The divide between labor and business on the issue of visas has contributed to a rift between Democrats and Republicans on the topic; Democrats are more likely to support offering fewer visas, in line with their traditional labor constituencies, while Republicans are more often in favor of increasing visas, in line with their traditional big business constituencies.

But Koelsch, the Michigan attorney and law professor, sees the disagreement between the two parties on the issue of visas as fairly minor in the scope of the immigration debate.

“These are the early days of the negotiation process. Some of the key Democrats are not going along with labor on this. The last thing they want to see is someone who’s typically in their camp kill the bill,” he explained. “It looks like there will be more of these visas, but somewhere in the middle, not quite as many as the Republicans want, but not as few as the Democrats want.”

A Path To Citizenship

One of the biggest sticking points on immigration reform legislation in the past has always been the issue of providing a path to citizenship for the millions of immigrants already in this country.

Allowing the more than 11 million people who are in the U.S. illegally to become full-fledged citizens has long been derided by Republicans as an attempt to provide “amnesty” to people who broke the law when they entered the country.

The impetus behind the Republicans' change of heart on legalizing undocumented, or "illegal," immigrants isn't just political expediency; there are fiscal implications as well, and Republicans are sensitive to that issue.

“There are economic benefits to immigration reform. Giving people a path to citizenship or legalization will require them to pay taxes,” said New Jersey-based immigration attorney Andres Mejer. “They will come out of the shadows, they will buy homes, they will invest in education and move up the social ladder.”

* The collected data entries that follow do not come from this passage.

(* For every finite connected chordal graph $G$, the set $D(G)=\{v: e(v)=\operatorname{diam}(G)\}$ of diametral vertices is a radius certificate of $G$: for every vertex $u$ there is $t\in D(G)$ with $d(u,t)\ge\operatorname{rad}(G)$.
   Context: A graph is chordal if every induced cycle of length at least 4 has a chord. $d$ shortest-path distance, $e(v)=\max_u d(v,u)$, $\operatorname{rad}(G)=\min_v e(v)$, $\operatorname{diam}(G)=\max_v e(v)$. *)

From mathcomp Require Import all_boot.
Set Implicit Arguments. Unset Strict Implicit. Unset Printing Implicit Defensive.

Section Graph.
Variables (T : finType) (e : rel T).

Definition simple_graph := symmetric e /\ irreflexive e.

Definition connected_graph := forall x y : T, connect e x y.

Fixpoint ball (k : nat) (x : T) : {set T} :=
  if k is k'.+1 then
    ball k' x :|: [set y | [exists z in ball k' x, e z y]]
  else [set x].

(* shortest-path distance; for a connected graph every distance is < #|T|
   (the value #|T| only occurs for unreachable pairs) *)
Definition dist (x y : T) : nat := find (fun k => y \in ball k x) (iota 0 #|T|).

Definition ecc (v : T) : nat := \max_(u : T) dist v u.
Definition diam : nat := \max_(v : T) ecc v.
(* minimum of eccentricities; the neutral element diam is >= every ecc v,
   so this is exactly min_v ecc v when T is nonempty *)
Definition rad : nat := \big[minn/diam]_(v : T) ecc v.

Definition diametral : {set T} := [set v | ecc v == diam].

(* every cycle c (pairwise distinct vertices, consecutive ones adjacent,
   including last--first) of length >= 4 has a chord: two vertices that are
   not consecutive on the cycle but adjacent *)
Definition chordal : Prop :=
  forall (x : T) (s : seq T), let c := x :: s in
    uniq c -> 4 <= size c -> cycle e c ->
    exists i j, [/\ i.+1 < j, j < size c, ~~ ((i == 0) && (j == (size c).-1))
                 & e (nth x c i) (nth x c j)].
End Graph.

From mathcomp Require Import all_boot zify.
From Stdlib Require Import Classical_Prop.
Set Implicit Arguments. Unset Strict Implicit. Unset Printing Implicit Defensive.

(* Let k be the largest distance from u to a diametral vertex; it suffices to
   find a vertex of eccentricity at most k.  Since diam <= 2k, any two disks of
   radius k either both contain u (diametral centres) or overlap strictly
   (d(y, z) <= e(y) < diam <= 2k when y is not diametral).  In a chordal graph
   such a family of disks around cliques has a common vertex: by Dirac's lemma
   there is a simplicial vertex v; deleting it leaves an isometric subgraph,
   and each disk around a clique containing v is replaced by a disk around the
   clique minus v or, if the clique is {v}, by a disk of radius one less around
   the neighbourhood of v, which preserves the hypotheses and the conclusion. *)

Section Distance.
Variables (T : finType) (e : rel T).
Local Notation ball := (ball e).
Local Notation d := (dist e).

Lemma mem_ball0 x y : (y \in ball 0 x) = (y == x).
Proof. exact: in_set1. Qed.

Lemma ballSP k x y :
  reflect (y \in ball k x \/ exists2 z, z \in ball k x & e z y) (y \in ball k.+1 x).
Proof.
rewrite /= in_setU inE; apply: (iffP orP) => -[-> | h]; try by left.
- by case/exists_inP: h => z; right; exists z.
- by case: h => z hz hzy; right; apply/exists_inP; exists z.
Qed.

Lemma ball_edge k x y z : y \in ball k x -> e y z -> z \in ball k.+1 x.
Proof. by move=> hy hyz; apply/ballSP; right; exists y. Qed.

Lemma ball_le k k' x y : k <= k' -> y \in ball k x -> y \in ball k' x.
Proof.
move=> /subnKC <-; elim: (k' - k) => [|n IH] hy; first by rewrite addn0.
by rewrite addnS; apply/ballSP; left; apply: IH.
Qed.

Lemma ball_trans a b x y z : y \in ball a x -> z \in ball b y -> z \in ball (a + b) x.
Proof.
move=> hy; elim: b z => [|b IH] z; first by rewrite mem_ball0 addn0 => /eqP ->.
rewrite addnS => /ballSP [/IH /(ball_le (leqnSn _)) // | [w /IH hw hwz]].
exact: ball_edge hwz.
Qed.

Lemma path_ball x p : path e x p -> last x p \in ball (size p) x.
Proof.
elim: p x => [|y p IH] x /=; first by rewrite mem_ball0.
case/andP=> hxy /IH; apply: (@ball_trans 1).
by apply: ball_edge hxy; rewrite mem_ball0.
Qed.

Lemma ball_path k x y :
  y \in ball k x -> exists p, [/\ path e x p, last x p = y & size p <= k].
Proof.
elim: k y => [|k IH] y; first by rewrite mem_ball0 => /eqP ->; exists [::].
case/ballSP=> [/IH [p [hp hl hs]] | [z /IH [p [hp hl hs]] hzy]].
  by exists p; split; rewrite // ltnW.
by exists (rcons p y); rewrite rcons_path last_rcons size_rcons hp hl hzy.
Qed.

Lemma ball_connect k x y : y \in ball k x -> connect e x y.
Proof. by case/ball_path=> p [hp <- _]; apply/connectP; exists p. Qed.

Lemma dist_le k x y : y \in ball k x -> d x y <= k.
Proof.
move=> hy; rewrite leqNgt; apply/negP => hlt.
have hk : k < #|T|.
  by apply: leq_trans hlt _; rewrite -[X in _ <= X](size_iota 0 #|T|) find_size.
by move: (before_find 0 hlt); rewrite nth_iota // add0n hy.
Qed.

Lemma dist_ball x y : connect e x y -> y \in ball (d x y) x.
Proof.
case/connectP=> p hp ->; case/shortenP: hp => q hq /card_uniqP hu _.
have hsz : size q < #|T| by move: (max_card (mem (x :: q))); rewrite hu.
have hex : has (fun k => last x q \in ball k x) (iota 0 #|T|).
  by apply/hasP; exists (size q); rewrite ?mem_iota //; apply: path_ball.
have := nth_find 0 hex; rewrite nth_iota ?add0n //.
by rewrite -[X in _ < X](size_iota 0 #|T|) -has_find.
Qed.

Lemma distxx x : d x x = 0.
Proof. by apply/eqP; rewrite -leqn0; apply: dist_le; rewrite mem_ball0. Qed.

Lemma dist_eq0 x y : connect e x y -> d x y = 0 -> x = y.
Proof. by move=> /dist_ball + h; rewrite h mem_ball0 => /eqP. Qed.

Lemma dist_edge x y : e x y -> d x y <= 1.
Proof. by move=> hxy; apply: dist_le; apply: ball_edge hxy; rewrite mem_ball0. Qed.

Lemma dist_path x p : path e x p -> d x (last x p) <= size p.
Proof. by move/path_ball/dist_le. Qed.

Lemma exists_geodesic x y :
  connect e x y -> exists p, [/\ path e x p, last x p = y & size p = d x y].
Proof.
move/dist_ball/ball_path=> [p [hp hl hs]]; exists p; split=> //.
by apply/eqP; rewrite eqn_leq hs -hl dist_path.
Qed.

Lemma path_nth_ball x p i j : path e x p -> i <= j -> j <= size p ->
  nth x (x :: p) j \in ball (j - i) (nth x (x :: p) i).
Proof.
move=> /(pathP x) hp hij; elim: j hij => [|j IH].
  by rewrite leqn0 => /eqP ->; rewrite mem_ball0.
rewrite leq_eqVlt => /orP [/eqP <- _|hij hj]; first by rewrite subnn mem_ball0.
rewrite subSn //; apply: ball_edge (IH hij (ltnW hj)) _; exact: hp.
Qed.

Section Geodesic.
Variables (x : T) (p : seq T).
Hypotheses (hp : path e x p) (hgeo : size p = d x (last x p)).
Local Notation c := (nth x (x :: p)).

Lemma geodesic_dist_nth i j : i <= j -> j <= size p -> j - i <= d (c i) (c j).
Proof.
move=> hij hj.
have hxi : c i \in ball i x.
  by have := path_nth_ball hp (leq0n i) (leq_trans hij hj); rewrite subn0.
have hji := path_nth_ball hp hij hj.
have hjl : last x p \in ball (size p - j) (c j).
  by rewrite (last_nth x x); apply: path_nth_ball.
have := dist_le (ball_trans (ball_trans hxi (dist_ball (ball_connect hji))) hjl).
by rewrite -hgeo; lia.
Qed.

Lemma geodesic_chordless i j : i.+1 < j -> j <= size p -> ~~ e (c i) (c j).
Proof.
move=> hij hj; apply/negP => /dist_edge.
apply/negP; rewrite -ltnNge (leq_trans _ (geodesic_dist_nth (ltnW (ltnW hij)) hj)) //.
by rewrite ltn_subRL addn1.
Qed.

Lemma geodesic_uniq : uniq (x :: p).
Proof.
apply/(uniqPn x) => -[i [j [hij hj heq]]].
have := geodesic_dist_nth (ltnW hij) hj; rewrite heq distxx; lia.
Qed.

End Geodesic.

End Distance.

Section Metric.
Variables (T : finType) (e : rel T).
Hypotheses (esym : symmetric e) (econn : connected_graph e).
Local Notation ball := (ball e).
Local Notation d := (dist e).

Lemma ball_sym k x y : y \in ball k x -> x \in ball k y.
Proof.
elim: k x y => [|k IH] x y; first by rewrite !mem_ball0 eq_sym.
case/ballSP=> [/IH /(ball_le (leqnSn _)) // | [z /IH hz hzy]].
have hyz : z \in ball 1 y by apply: (@ball_edge _ _ 0 y y); rewrite ?mem_ball0 // esym.
by rewrite -add1n; apply: ball_trans hyz hz.
Qed.

Lemma distC x y : d x y = d y x.
Proof.
by apply/eqP; rewrite eqn_leq; apply/andP; split; apply/dist_le/ball_sym/dist_ball.
Qed.

Lemma dist_triangle x y z : d x z <= d x y + d y z.
Proof. exact/dist_le/(ball_trans (dist_ball (econn x y)) (dist_ball (econn y z))). Qed.

Lemma dist_gt0 x y : (0 < d x y) = (x != y).
Proof.
apply/idP/idP => [|/eqP hxy]; first by apply: contraTneq => ->; rewrite distxx.
by rewrite lt0n; apply/eqP => /(dist_eq0 (econn x y)).
Qed.

Lemma dist_closer_nbr x y : x != y -> exists2 z, e x z & d z y = (d x y).-1.
Proof.
have [[|z p] [/= hp hl hs]] := exists_geodesic (econn x y).
  by rewrite -hl eqxx.
move=> _; case/andP: hp => hxz hp; exists z => //.
have := dist_path hp; rewrite hl; have := dist_triangle x z y; have := dist_edge hxz.
rewrite -hs /=; lia.
Qed.

End Metric.

Section Cliques.
Variables (T : finType) (e : rel T).

Definition induced (H : {set T}) : rel T := [rel a b | [&& a \in H, b \in H & e a b]].

Lemma induced_sym H : symmetric e -> symmetric (induced H).
Proof. by move=> esym a b; rewrite /induced /= esym andbCA. Qed.

Lemma induced_sub (H H' : {set T}) : H \subset H' -> subrel (induced H) (induced H').
Proof. by move=> /subsetP hH a b /and3P [ha hb hab]; apply/and3P; rewrite ?hH. Qed.

Lemma induced_path_sub (H : {set T}) x p :
  x \in H -> path (induced H) x p -> {subset x :: p <= H}.
Proof.
elim: p x => [|y p IH] x hx /=; first by move=> _ z /[1!inE] /eqP ->.
case/andP=> /and3P [_ hy _] hp z; rewrite in_cons => /orP [/eqP -> // |].
exact: IH.
Qed.

Lemma connect_induced_mem (H : {set T}) x y :
  x \in H -> connect (induced H) x y -> y \in H.
Proof.
by move=> hx /connectP [p hp ->]; apply: (induced_path_sub hx hp); apply: mem_last.
Qed.

Definition clique (K : {set T}) := [forall a in K, forall b in K, (a != b) ==> e a b].

Lemma cliqueP (K : {set T}) : reflect {in K &, forall a b, a != b -> e a b} (clique K).
Proof.
apply: (iffP forall_inP) => [h a b ha hb hab | h a ha].
  by move/forall_inP: (h a ha) => /(_ b hb) /implyP; apply.
by apply/forall_inP => b hb; apply/implyP; apply: h.
Qed.

Lemma clique_sub (K K' : {set T}) : K' \subset K -> clique K -> clique K'.
Proof.
move=> /subsetP hsub /cliqueP hK; apply/cliqueP => a b ha hb.
by apply: hK; apply: hsub.
Qed.

Lemma clique1 x : clique [set x].
Proof. by apply/cliqueP => a b /set1P -> /set1P ->; rewrite eqxx. Qed.

Definition nbhd (W : {set T}) v := [set a in W | e v a].

Definition simplicial (W : {set T}) v := clique (nbhd W v).

Definition simplicial_pair (W : {set T}) := exists v1 v2,
  [/\ v1 \in W, v2 \in W, v1 != v2, ~~ e v1 v2 & simplicial W v1 && simplicial W v2].

Lemma simplicial_sub (W Z : {set T}) v :
  nbhd W v \subset Z -> simplicial Z v -> simplicial W v.
Proof.
move=> /subsetP hsub; apply: clique_sub; apply/subsetP => a ha.
by rewrite inE (hsub a ha); case/setIdP: ha.
Qed.

Lemma clique_simplicial (K : {set T}) v : clique K -> simplicial K v.
Proof. by apply: clique_sub; rewrite /nbhd setIdE subsetIl. Qed.

Lemma simplicial_outside_clique (Z S : {set T}) z :
  clique S -> z \in Z :\: S -> clique Z \/ simplicial_pair Z ->
  exists2 v, v \in Z :\: S & simplicial Z v.
Proof.
move=> /cliqueP hS hz [/clique_simplicial hZ | [v1 [v2 [h1 h2 hne hnadj hs]]]].
  by exists z.
case/andP: hs => hs1 hs2.
case: (boolP (v1 \in S)) => hv1; last by exists v1; rewrite // inE hv1.
case: (boolP (v2 \in S)) => hv2; last by exists v2; rewrite // inE hv2.
by rewrite hS in hnadj.
Qed.

End Cliques.

Lemma uniq_path_interior (T : finType) (s t : T) (R : {set T}) p k :
  uniq (s :: p) -> last s p = t -> {subset s :: p <= s |: (t |: R)} ->
  0 < k < size p -> nth s (s :: p) k \in R.
Proof.
move=> hu hl hpR /andP [hk0 hkp]; set c := nth s (s :: p).
have hk : k < size (s :: p) by rewrite ltnS ltnW.
have hcs : c k != c 0 by rewrite nth_uniq //= -?lt0n // ltnS ltnW.
have hct : c k != t.
  by rewrite -hl (last_nth s) -/c nth_uniq //= ?neq_ltn ?hkp // ltnS ltnW.
have := hpR (c k) (mem_nth s hk).
by rewrite !inE (negbTE hcs) (negbTE hct).
Qed.

Section Chordal.
Variables (T : finType) (e : rel T).
Hypotheses (esym : symmetric e) (eirr : irreflexive e) (echord : chordal e).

A growing number of Republicans are choosing to embrace a path to citizenship, as Rand Paul did during a speech at the United States Hispanic Chamber of Commerce on March 19.

“Prudence, compassion and thrift all point us toward the same goal: bringing these workers out of the shadows and into becoming and being taxpaying members of society,” Paul said, announcing his newfound support for the policy.

Paul is the most recent high-profile Republican to publicly change his mind about the path to citizenship. He was preceded by Sen. Marco Rubio of Florida, a likely 2016 presidential candidate and a member of the “Gang of Eight,” a bipartisan cadre of senators working to create an immigration reform bill that Congress can pass.

The new gospel hasn't spread to everybody in the Republican party, though.

“What you still have is kind of a hard-core restrictionist element,” said Cooper, the Fragomen attorney. “There are a couple of members in the Senate, but probably more in the House, who are adamantly opposed to any kind of legalization or amnesty program.”

Despite remaining opposition, a path to citizenship will likely included in any comprehensive immigration reform bill that Congress brings to the floor this year, according to Gregory Chen, director of advocacy at the American Immigration Lawyers Association.

“Since the November elections, momentum has been steadily building to get immigration reform passed this year, in a way that we haven’t seen probably in the better part of a decade,” Chen said. “Significantly, we’re talking about legalization for the undocumented who are here -- providing a way for 11 or 12 million people to get a green card or citizenship.”

The debate over how to reform America’s immigration system will not end overnight. But by the time Independence Day fireworks go off over the Washington Monument this summer, don’t be surprised if this hard-fought battle has finally come to a close.